### TASK INPUT

(* Let $\Omega$ be a domain in $\mathscr H$ and $\alpha\in\{0,1\}$. Then: (1) $d_0^2=d_1^2=0$ on $C_0^\infty(\Omega,\wedge^p\mathbb C^{2n})$; (2) $d_0d_1=-d_1d_0$; (3) for $F\in C_0^\infty(\Omega,\wedge^p\mathbb C^{2n})$ and $G\in C_0^\infty(\Omega,\wedge^q\mathbb C^{2n})$, $d_\alpha(F\wedge G)=d_\alpha F\wedge G+(-1)^pF\wedge d_\alpha G$.
   Context: $\mathscr H=\mathbb R^{4n}\times\mathbb R$ with product $(x,t)\cdot(y,s)=\big(x+y,\,t+s+2\sum_{l=1}^{2n}(x_{2l-1}y_{2l}-x_{2l}y_{2l-1})\big)$ and vector fields $X_{2l-1}=\partial_{x_{2l-1}}-2x_{2l}\partial_t$, $X_{2l}=\partial_{x_{2l}}+2x_{2l-1}\partial_t$ ($l=1,\dots,2n$). With $\mathbf i$ the complex imaginary unit, for $l=0,\dots,n-1$ define $Z_{l0'}=X_{4l+1}+\mathbf iX_{4l+2}$, $Z_{l1'}=-X_{4l+3}-\mathbf iX_{4l+4}$, $Z_{(n+l)0'}=X_{4l+3}-\mathbf iX_{4l+4}$, $Z_{(n+l)1'}=X_{4l+1}-\mathbf iX_{4l+2}$. Fix a basis $\omega^0,\dots,\omega^{2n-1}$ of $\mathbb C^{2n}$; for $F=\sum_If_I\omega^I$ ($\omega^I=\omega^{i_1}\wedge\cdots\wedge\omega^{i_p}$) define $d_\alpha F=\sum_I\sum_{A=0}^{2n-1}Z_{A\alpha'}f_I\,\omega^A\wedge\omega^I$, $\alpha=0,1$. *)

From HB Require Import structures.
From mathcomp Require Import all_boot all_order all_algebra.
From mathcomp Require Import all_classical all_reals all_analysis.
From mathcomp.real_closed Require Import complex.
Set Implicit Arguments. Unset Strict Implicit. Unset Printing Implicit Defensive.
Import Order.TTheory GRing.Theory Num.Theory.
Import numFieldNormedType.Exports.
Local Open Scope ring_scope.

(* Points of the quaternionic Heisenberg group H = R^{4n} x R, as row vectors
   of length 4n+1: entries 0..4n-1 are x_1..x_{4n}, the last entry is t. *)
Definition pt (R : realType) (n : nat) := 'rV[R]_((4 * n).+1).

Section Heis.
Variables (R : realType) (n : nat).
Local Notation P := (pt R n).
Local Notation C := (R[i]).

Definition evec (j : 'I_((4 * n).+1)) : P := delta_mx 0 j.

(* coordinate x_k, 1-based (k = 1..4n) *)
Definition xco (k : nat) (x : P) : R := x ord0 (inord k.-1).
Definition pdir (j : 'I_((4 * n).+1)) (g : P -> R) : P -> R :=
  fun x => derive g x (evec j).
Definition pdx (k : nat) (g : P -> R) : P -> R := pdir (inord k.-1) g.
Definition pdt (g : P -> R) : P -> R := pdir ord_max g.

Definition Xr (k : nat) (g : P -> R) : P -> R := fun x =>
  if odd k then pdx k g x - 2 * xco k.+1 x * pdt g x
  else pdx k g x + 2 * xco k.-1 x * pdt g x.

Definition Xc (k : nat) (f : P -> C) : P -> C := fun x =>
  Complex (Xr k (fun y => complex.Re (f y)) x) (Xr k (fun y => complex.Im (f y)) x).

(* Z_{A alpha'}, A = 0..2n-1, alpha = false (0') or true (1') *)
Definition Zop (A : 'I_(2 * n)) (alpha : bool) (f : P -> C) : P -> C :=
  fun x =>
  let i := Complex (0 : R) 1 in
  if (A < n)%N then
    let l := val A in
    if ~~ alpha then Xc (4 * l + 1) f x + i * Xc (4 * l + 2) f x
    else - Xc (4 * l + 3) f x - i * Xc (4 * l + 4) f x
  else
    let l := (val A - n)%N in
    if ~~ alpha then Xc (4 * l + 3) f x - i * Xc (4 * l + 4) f x
    else Xc (4 * l + 1) f x - i * Xc (4 * l + 2) f x.

(* Forms F = sum_I f_I omega^I, with omega^0..omega^{2n-1} the fixed basis of
   C^{2n}: a hform is the family of its coefficient functions indexed by the
   subsets I of {0,..,2n-1} (omega^I = omega^{i_1} /\ ... /\ omega^{i_p},
   i_1 < ... < i_p). *)
Definition hform := {set 'I_(2 * n)} -> P -> C.

Definition is_pform (p : nat) (F : hform) : Prop :=
  forall I : {set 'I_(2 * n)}, #|I| != p -> F I = (fun _ => 0).

(* omega^I /\ omega^J = wsgn I J omega^(I u J) when I, J disjoint (else 0) *)
Definition wsgn (I J : {set 'I_(2 * n)}) : C :=
  (-1) ^+ #|[set ij : 'I_(2 * n) * 'I_(2 * n) |
              [&& ij.1 \in I, ij.2 \in J & (ij.2 < ij.1)%N]]|.

Definition wedge (F G : hform) : hform := fun K x =>
  \sum_(I : {set 'I_(2 * n)}) \sum_(J : {set 'I_(2 * n)})
     (if [disjoint I & J] && (I :|: J == K) then wsgn I J * (F I x * G J x)
      else 0).

Definition dop (alpha : bool) (F : hform) : hform := fun K x =>
  \sum_(I : {set 'I_(2 * n)}) \sum_(A : 'I_(2 * n))
     (if (A \notin I) && (A |: I == K) then wsgn [set A] I * Zop A alpha (F I) x
      else 0).

Definition zero_form : hform := fun _ _ => 0.

Definition iter_pd (ks : seq 'I_((4 * n).+1)) (g : P -> R) : P -> R :=
  foldr pdir g ks.
Definition smooth (g : P -> R) : Prop :=
  forall ks : seq 'I_((4 * n).+1),
    continuous (iter_pd ks g) /\
    forall (j : 'I_((4 * n).+1)) (x : P), derivable (iter_pd ks g) x (evec j).

(* C_0^infty(Omega, C): smooth (real and imaginary parts) with compact support
   contained in Omega (extended by zero outside Omega) *)
Definition C0inf (Omega : set P) (f : P -> C) : Prop :=
  smooth (fun x => complex.Re (f x)) /\ smooth (fun x => complex.Im (f x)) /\
  compact (closure [set x | f x != 0]%classic) /\
  (closure [set x | f x != 0]%classic `<=` Omega)%classic.

Definition C0inf_form (Omega : set P) (p : nat) (F : hform) : Prop :=
  is_pform p F /\ forall I : {set 'I_(2 * n)}, C0inf Omega (F I).

Definition domain (Omega : set P) : Prop :=
  open Omega /\ connected Omega /\ (Omega !=set0)%classic.

End Heis.

From HB Require Import structures.
From mathcomp Require Import all_boot all_order all_algebra.
From mathcomp Require Import all_classical all_reals all_analysis.
From mathcomp.real_closed Require Import complex.
From mathcomp.algebra_tactics Require Import ring lra.
From mathcomp.zify Require Import zify.
Import Order.TTheory GRing.Theory Num.Theory.
Import numFieldNormedType.Exports.
Set Implicit Arguments. Unset Strict Implicit. Unset Printing Implicit Defensive.
Local Open Scope classical_set_scope.
Local Open Scope ring_scope.
Lemma card_first_vertices m : (m <= n)%N -> #|first_vertices m| = m.
Proof.
move=> le_mn; have -> : first_vertices m = [set widen_ord le_mn i | i in 'I_m].
  apply/setP => u; rewrite inE.
  apply/idP/imsetP => [lt_um | [i _ ->]]; last exact: (ltn_ord i).
  by exists (Ordinal lt_um) => //; apply: val_inj.
by rewrite card_imset ?card_ord // => i j [] /ord_inj.
Qed.

Lemma card_last_vertices m : (m <= n)%N -> #|last_vertices m| = m.
Proof.
move=> le_mn; have -> : last_vertices m = (@rev_ord n) @: first_vertices m.
  apply/setP => u; rewrite (can2_imset_pre _ rev_ordK rev_ordK) !inE /=.
  by apply/idP/idP; have := ltn_ord u; lia.
by rewrite card_imset ?card_first_vertices //; apply: rev_ord_inj.
Qed.

Lemma card_forward_first_vertices A m : forward A ->
  (#|A :&: [set e | e.2 \in first_vertices m]| <= #|first_vertices m| ^ 2)%N.
Proof.
move=> fwA; rewrite -mulnn -cardsX subset_leq_card //; apply/subsetP => e.
by rewrite !inE => /andP[/fwA]; case: e => a b /= ab bm; rewrite bm (ltn_trans ab bm).
Qed.

Lemma card_forward_last_vertices A m : forward A ->
  (#|A :&: [set e | e.1 \in last_vertices m]| <= #|last_vertices m| ^ 2)%N.
Proof.
move=> fwA; rewrite -mulnn -cardsX subset_leq_card //; apply/subsetP => e.
by rewrite !inE => /andP[/fwA]; case: e => a b /= ab am; rewrite am /=; lia.
Qed.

### YOUR TASK
Count all lines of the data that include "forward". The answer is the number alone.

### RESULT BELOW
2